Molecular remission after combination therapy with blinatumomab and ponatinib with relapsed/refractory Philadelphia chromosome-positive acute lymphocytic leukemia: two case reports

Abstract Background The outcomes of Philadelphia chromosome-positive (Ph+) acute lymphoblastic leukemia (ALL) can improve with allogeneic hematopoietic stem cell transplantation (HSCT) during the first complete remission after treatment with a tyrosine kinase inhibitor (TKI) combined with chemotherapy. However, frail patients who are not eligible for allogeneic HSCT or those with TKI-resistant mutations within the BCR–ABL kinase domain have a poor clinical course. Blinatumomab (BLIN) is a bispecific T-cell engager antibody construct that directs cytotoxic T cells to CD19-expressing B-ALL cells. To date, only a few studies have shown the safety and efficacy of Blinatumomab (BLIN) + TKI combination therapy for relapsed/refractory (R/R) Ph+ ALL. Here we report the case of two patients with R/R Ph+ ALL who were treated with BLIN + TKI with durable molecular response. Case presentation Patient 1: A 69-year-old Japanese male with R/R Ph+ ALL was treated with conventional chemotherapy and dasatinib in April 2016. In May 2018, he developed molecular relapse due to the acquisition of T315I during dasatinib maintenance therapy. Thereafter, he achieved molecular complete remission (mCR) after switching from dasatinib to ponatinib. However, he developed a second relapse after the emergence of triple compound mutations (G250E/D276G/T315I) in November 2018. He subsequently received a total of nine cycles of BLIN and ponatinib combination therapy, which resulted in sustained mCR without any adverse events.
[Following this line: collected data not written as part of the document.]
(* For every $\varphi\in\Phi_\mathbb{Z}$, $\dim(\varphi)$ is an integer and $$\dim(\varphi)\equiv-\sum_{j=1}^d j\,\mu_{1,j}(\varphi)\pmod{b-1}.$$
   Context: Fix integers $b\ge2$, $d\ge1$. A function $f:\mathbb{R}\to\mathbb{R}\cup\{-\infty\}$ is called strictly increasing if it is nondecreasing and strictly increasing on the set where it is finite. $\Phi$ is the set of $d$-tuples $\varphi=(\varphi_1,\dots,\varphi_d)$ of functions $\mathbb{R}\to\mathbb{R}\cup\{-\infty\}$ such that: (1) $\varphi_1\ge\dots\ge\varphi_d$; (2) each $\varphi_i$ is strictly increasing and right-continuous; (3) for each $i$ there is $q_i\in\mathbb{R}$ such that $\varphi_i$ is finite exactly on $[q_i,+\infty[$, piecewise affine there with derivative $b$ almost everywhere, and $\varphi_i(q)=bq-q_i$ for $q$ large; (4) there exist strictly increasing right-continuous $\psi_1\le\dots\le\psi_d:\mathbb{R}\to\mathbb{R}\cup\{-\infty\}$ with $\#\{i:\varphi_i(q)=\mu\}=\#\{j:\psi_j(\mu)=q\}$ for all $(q,\mu)\in\mathbb{R}^2$ (uniquely determined). $\Phi_\mathbb{Z}$ is the set of $\varphi\in\Phi$ such that each $q_i\in\mathbb{Z}$ and each $\varphi_i$ has all discontinuity points in $\frac1b\mathbb{Z}$. Set $\varphi_i(-\infty)=\psi_j(-\infty)=-\infty$. For $1\le j\le d$, $\mu_{1,j}(\varphi)$ is the infimum of the reals $\mu$ such that either $\varphi_1(\psi_j(\mu))>\mu$, or $\varphi_1(\psi_j(\mu))=\mu$ and $\#\{i'\le 1:\varphi_{i'}(q)=\mu\}\le\#\{j'\le j:\psi_{j'}(\mu)=q\}$ with $q=\psi_j(\mu)$. With $\mathrm{Leb}$ the Lebesgue measure, $\dim(\varphi):=\sum_{1\le i<i'\le d}\mathrm{Leb}(\varphi_{i'}(\mathbb{R})\setminus\varphi_i(\mathbb{R}))$. *)

From Stdlib Require Import Reals Lra Lia ZArith.
Open Scope R_scope.

(* R ∪ {-∞} is represented by [option R]: [None] = -∞, [Some x] = x. *)
Definition ER := option R.

Definition ole (x y : ER) : Prop :=
  match x, y with
  | None, _ => True
  | Some _, None => False
  | Some a, Some c => a <= c
  end.

Definition olt (x y : ER) : Prop :=
  match x, y with
  | _, None => False
  | None, Some _ => True
  | Some a, Some c => a < c
  end.

Definition eqb_ER (x y : ER) : bool :=
  match x, y with
  | None, None => true
  | Some a, Some c => if Req_EM_T a c then true else false
  | _, _ => false
  end.

Definition ext_app (f : R -> ER) (o : ER) : ER :=
  match o with None => None | Some q => f q end.

(* strictly increasing in the paper's sense *)
Definition strictly_incr (f : R -> ER) : Prop :=
  (forall x y, x <= y -> ole (f x) (f y)) /\
  (forall x y, x < y -> f x <> None -> f y <> None -> olt (f x) (f y)).

Definition right_cont (f : R -> ER) : Prop :=
  forall x,
    match f x with
    | Some v => forall eps, 0 < eps -> exists delta, 0 < delta /\
                 forall y, x <= y < x + delta ->
                   exists w, f y = Some w /\ Rabs (w - v) < eps
    | None => forall M, exists delta, 0 < delta /\
                 forall y, x <= y < x + delta -> ole (f y) (Some M)
    end.

Definition cont_at (f : R -> ER) (x : R) : Prop :=
  match f x with
  | Some v => forall eps, 0 < eps -> exists delta, 0 < delta /\
               forall y, Rabs (y - x) < delta ->
                 exists w, f y = Some w /\ Rabs (w - v) < eps
  | None => forall M, exists delta, 0 < delta /\
               forall y, Rabs (y - x) < delta -> ole (f y) (Some M)
  end.

Definition pw_affine_slope (b : R) (f : R -> ER) (q : R) : Prop :=
  exists (m : nat) (t c : nat -> R),
    t O = q /\
    (forall k, (k < m)%nat -> t k < t (S k)) /\
    (forall k, (k < m)%nat -> forall x, t k < x < t (S k) -> f x = Some (b * x + c k)) /\
    (forall x, t m < x -> f x = Some (b * x + c m)).

Definition cond3 (b : nat) (f : R -> ER) (q : R) : Prop :=
  (forall x, f x <> None <-> q <= x) /\
  pw_affine_slope (INR b) f q /\
  (exists T, forall x, T <= x -> f x = Some (INR b * x - q)).

Fixpoint count_idx (n : nat) (p : nat -> bool) : nat :=
  match n with
  | O => O
  | S m => (count_idx m p + (if p (S m) then 1 else 0))%nat
  end.

Fixpoint rsum (n : nat) (f : nat -> R) : R :=
  match n with
  | O => 0
  | S m => rsum m f + f (S m)
  end.

Definition inPhi (b d : nat) (phi psi : nat -> R -> ER) : Prop :=
  (forall i, (1 <= i < d)%nat -> forall q, ole (phi (S i) q) (phi i q)) /\
  (forall i, (1 <= i <= d)%nat -> strictly_incr (phi i) /\ right_cont (phi i)) /\
  (forall i, (1 <= i <= d)%nat -> exists q : R, cond3 b (phi i) q) /\
  (forall j, (1 <= j < d)%nat -> forall mu, ole (psi j mu) (psi (S j) mu)) /\
  (forall j, (1 <= j <= d)%nat -> strictly_incr (psi j) /\ right_cont (psi j)) /\
  (forall q mu : R,
     count_idx d (fun i => eqb_ER (phi i q) (Some mu)) =
     count_idx d (fun j => eqb_ER (psi j mu) (Some q))).

Definition inPhiZ (b d : nat) (phi psi : nat -> R -> ER) : Prop :=
  inPhi b d phi psi /\
  (forall i, (1 <= i <= d)%nat ->
     (exists qi : Z, cond3 b (phi i) (IZR qi)) /\
     (forall x, ~ cont_at (phi i) x -> exists n : Z, x = IZR n / INR b)).

Definition is_inf (S : R -> Prop) (m : R) : Prop :=
  (forall s, S s -> m <= s) /\ (forall m', (forall s, S s -> m' <= s) -> m' <= m).

(* Lebesgue (outer) measure: infimum of total lengths of countable covers
   by open intervals (equals the Lebesgue measure on measurable sets). *)
Definition is_Leb (A : R -> Prop) (m : R) : Prop :=
  is_inf (fun s => exists a c : nat -> R,
            (forall n, a n <= c n) /\
            (forall x, A x -> exists n, a n < x < c n) /\
            infinite_sum (fun n => c n - a n) s) m.

Definition image_diff (phi : nat -> R -> ER) (i i' : nat) (mu : R) : Prop :=
  (exists q, phi i' q = Some mu) /\ ~ (exists q, phi i q = Some mu).

(* the set whose infimum is μ_{1,j}(φ) *)
Definition mu1_set (phi psi : nat -> R -> ER) (j : nat) (mu : R) : Prop :=
  olt (Some mu) (ext_app (phi 1%nat) (psi j mu)) \/
  (exists q : R, psi j mu = Some q /\ phi 1%nat q = Some mu /\
   (count_idx 1 (fun i' => eqb_ER (phi i' q) (Some mu))
    <= count_idx j (fun j' => eqb_ER (psi j' mu) (Some q)))%nat).
  (* note: ext_app (phi 1) (psi j mu) = Some mu forces psi j mu = Some q *)

(* dim(φ) = D, given the values L i i' = Leb(φ_{i'}(R) \ φ_i(R)) *)
Definition dim_sum (d : nat) (L : nat -> nat -> R) : R :=
  rsum d (fun i' => rsum (i' - 1) (fun i => L i i')).

From Stdlib Require Import Reals Lra Lia ZArith List Classical ClassicalEpsilon.
Open Scope R_scope.

(* Each [phi_i] is affine of slope [b] on finitely many pieces, so its image is a finite
   union of half-open intervals, and all their endpoints fit on one grid [g 0 < ... < g n],
   on whose cells every image indicator [1_i] is constant.  Condition (4) says that the
   number of finite [psi_j mu] is the number of images containing [mu]; since it is
   nondecreasing in [j], [psi_j] is finite exactly on [[M_j, +oo)] for a grid point [M_j],
   and [M_j = mu_{1,j}].  The pointwise identity
     [sum_{i < i'} 1_i' (1 - 1_i) = sum_i (i - 1 - d) 1_i + sum_j j 1_[M_j, +oo)]
   integrates against Lebesgue measure on [[g 0, g n)] to
     [dim = sum_i (i - 1 - d) (g n - b q_i + q_i) + sum_j j (g n - M_j)],
   i.e. [dim + sum_j j M_j = (b - 1) sum_i (d + 1 - i) q_i].  Integrating the counting
   identity [sum_i 1_i = sum_j 1_[M_j, +oo)] against [d sin^2 (pi x)] instead shows that
   every [M_j] is an integer, because the pieces of [phi_i] only jump where [b t] is an
   integer. *)

Fixpoint sum_lt (n : nat) (f : nat -> R) : R :=
  match n with O => 0 | S m => sum_lt m f + f m end.

Lemma sum_lt_ext n f g : (forall k, (k < n)%nat -> f k = g k) -> sum_lt n f = sum_lt n g.
Proof. induction n; simpl; intros H; auto. rewrite IHn, (H n); auto. Qed.

Lemma sum_lt_le n f g : (forall k, (k < n)%nat -> f k <= g k) -> sum_lt n f <= sum_lt n g.
Proof.
  induction n; simpl; intros H; [lra|].
  assert (f n <= g n) by auto. assert (sum_lt n f <= sum_lt n g) by auto. lra.
Qed.

Lemma sum_lt_plus n f g : sum_lt n (fun k => f k + g k) = sum_lt n f + sum_lt n g.
Proof. induction n; simpl; lra. Qed.

Lemma sum_lt_minus n f g : sum_lt n (fun k => f k - g k) = sum_lt n f - sum_lt n g.
Proof. induction n; simpl; lra. Qed.

Lemma sum_lt_scal n a f : sum_lt n (fun k => a * f k) = a * sum_lt n f.
Proof. induction n; simpl; [ring|]. rewrite IHn; ring. Qed.

Lemma sum_lt_const n a : sum_lt n (fun _ => a) = INR n * a.
Proof. induction n; simpl sum_lt; [simpl; ring|]. rewrite IHn, S_INR; ring. Qed.

Lemma sum_lt_swap n N (F : nat -> nat -> R) :
  sum_lt n (fun k => sum_lt N (F k)) = sum_lt N (fun l => sum_lt n (fun k => F k l)).
Proof.
  induction n; simpl.
  - induction N; simpl; lra.
  - rewrite IHn, <- sum_lt_plus. reflexivity.
Qed.

Lemma sum_lt_nonneg n f : (forall k, (k < n)%nat -> 0 <= f k) -> 0 <= sum_lt n f.
Proof.
  intros H. rewrite <- (Rmult_0_r (INR n)), <- sum_lt_const. apply sum_lt_le; auto.
Qed.

Lemma sum_lt_telescope (h : nat -> R) n : sum_lt n (fun k => h (S k) - h k) = h n - h O.
Proof. induction n; simpl; [ring|]. rewrite IHn; ring. Qed.

Lemma sum_lt_S_sum_f_R0 n f : sum_lt (S n) f = sum_f_R0 f n.
Proof. induction n; simpl in *; [lra|]. rewrite <- IHn. reflexivity. Qed.

Lemma sum_lt_prefix n ic D : (ic <= n)%nat ->
  sum_lt n (fun k => if Nat.ltb k ic then D k else 0) = sum_lt ic D.
Proof.
  induction n; intros H; [replace ic with O by lia; reflexivity|]. simpl.
  destruct (Nat.eq_dec ic (S n)) as [->|].
  - rewrite (proj2 (Nat.ltb_lt n (S n))), (sum_lt_ext n _ D); auto.
    intros k Hk. rewrite (proj2 (Nat.ltb_lt k (S n))); auto.
  - rewrite IHn, (proj2 (Nat.ltb_ge n ic)) by lia. ring.
Qed.

Lemma sum_lt_ge_term n h k : (forall l, (l < n)%nat -> 0 <= h l) -> (k < n)%nat ->
  h k <= sum_lt n h.
Proof.
  induction n; intros H0 Hk; [lia|]. simpl.
  assert (0 <= sum_lt n h) by (apply sum_lt_nonneg; auto).
  destruct (Nat.eq_dec k n) as [->|]; [lra|].
  assert (0 <= h n) by (apply H0; lia).
  assert (h k <= sum_lt n h) by (apply IHn; auto; lia). lra.
Qed.

Lemma sum_lt_nonneg_eq0 n h : (forall k, (k < n)%nat -> 0 <= h k) -> sum_lt n h = 0 ->
  forall k, (k < n)%nat -> h k = 0.
Proof.
  intros H0 Hs k Hk. pose proof (sum_lt_ge_term n h k H0 Hk). pose proof (H0 k Hk). lra.
Qed.

Lemma rsum_sum_lt n f : rsum n f = sum_lt n (fun k => f (S k)).
Proof. induction n; simpl; [reflexivity|]. rewrite IHn. reflexivity. Qed.

Lemma rsum_ext n f g : (forall i, (1 <= i <= n)%nat -> f i = g i) -> rsum n f = rsum n g.
Proof. rewrite !rsum_sum_lt. intros H. apply sum_lt_ext. intros; apply H; lia. Qed.

Lemma rsum_plus n f g : rsum n (fun i => f i + g i) = rsum n f + rsum n g.
Proof. rewrite !rsum_sum_lt. apply sum_lt_plus. Qed.

Lemma rsum_scal n a f : rsum n (fun i => a * f i) = a * rsum n f.
Proof. rewrite !rsum_sum_lt. apply sum_lt_scal. Qed.

Lemma rsum_const n a : rsum n (fun _ => a) = INR n * a.
Proof. rewrite rsum_sum_lt. apply sum_lt_const. Qed.

Lemma rsum_id n : rsum n INR = INR n * (INR n + 1) / 2.
Proof. induction n; cbn [rsum]; [simpl; lra|]. rewrite IHn, S_INR; field. Qed.

Lemma rsum_nonneg_eq0 n f : (forall i, (1 <= i <= n)%nat -> 0 <= f i) -> rsum n f = 0 ->
  forall i, (1 <= i <= n)%nat -> f i = 0.
Proof.
  rewrite rsum_sum_lt. intros H0 Hs i Hi.
  replace i with (S (i - 1)) by lia. apply (sum_lt_nonneg_eq0 n (fun k => f (S k))); auto; try lia.
  intros; apply H0; lia.
Qed.

Lemma rsum_integer n f : (forall i, (1 <= i <= n)%nat -> exists z, f i = IZR z) ->
  exists z, rsum n f = IZR z.
Proof.
  induction n; intros H; [exists 0%Z; reflexivity|].
  destruct IHn as [z1 E1]; [intros; apply H; lia|]. destruct (H (S n)) as [z2 E2]; [lia|].
  exists (z1 + z2)%Z. simpl. rewrite E1, E2, plus_IZR. reflexivity.
Qed.

Lemma choice_on_range {A : Type} (a0 : A) d (P : nat -> A -> Prop) :
  (forall i, (1 <= i <= d)%nat -> exists x, P i x) ->
  exists f : nat -> A, forall i, (1 <= i <= d)%nat -> P i (f i).
Proof.
  intros H. apply (choice (fun i x => (1 <= i <= d)%nat -> P i x)). intros i.
  destruct (classic (1 <= i <= d)%nat) as [Hi|Hi].
  - destruct (H i Hi) as [x Hx]. exists x; auto.
  - exists a0; tauto.
Qed.

Lemma count_idx_INR n p : INR (count_idx n p) = rsum n (fun i => if p i then 1 else 0).
Proof. induction n; simpl; auto. rewrite plus_INR, IHn. destruct (p (S n)); simpl; ring. Qed.

Lemma count_idx_ext n p1 p2 : (forall i, (1 <= i <= n)%nat -> p1 i = p2 i) ->
  count_idx n p1 = count_idx n p2.
Proof.
  induction n; simpl; intros H; auto.
  rewrite IHn, (H (S n)); auto; [lia|]. intros; apply H; lia.
Qed.

Lemma count_idx_pos n p : (1 <= count_idx n p)%nat -> exists i, (1 <= i <= n)%nat /\ p i = true.
Proof.
  induction n; simpl; intros H; [lia|]. destruct (p (S n)) eqn:E.
  - exists (S n); split; auto; lia.
  - destruct IHn as [i [Hi Hp]]; [lia|]. exists i; split; auto; lia.
Qed.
Patient 2: A 69-year-old Japanese female with R/R Ph+ ALL was treated with chemotherapy and imatinib in April 2008. She developed molecular relapse due to the emergence of the T315I mutation in October 2017. She achieved mCR after switching from imatinib to ponatinib. However, she developed a second relapse after acquiring ABL exon4 skipping in addition to T315I. She subsequently received a total of seven cycles of BLIN and ponatinib combination therapy, which resulted in sustained mCR. Conclusion In our two cases, BLIN + ponatinib combination therapy was highly effective for R/R Ph+ ALL without any incidence of severe adverse events. Further studies with larger cohorts are warranted to validate the safety and efficacy of this potent combination therapy.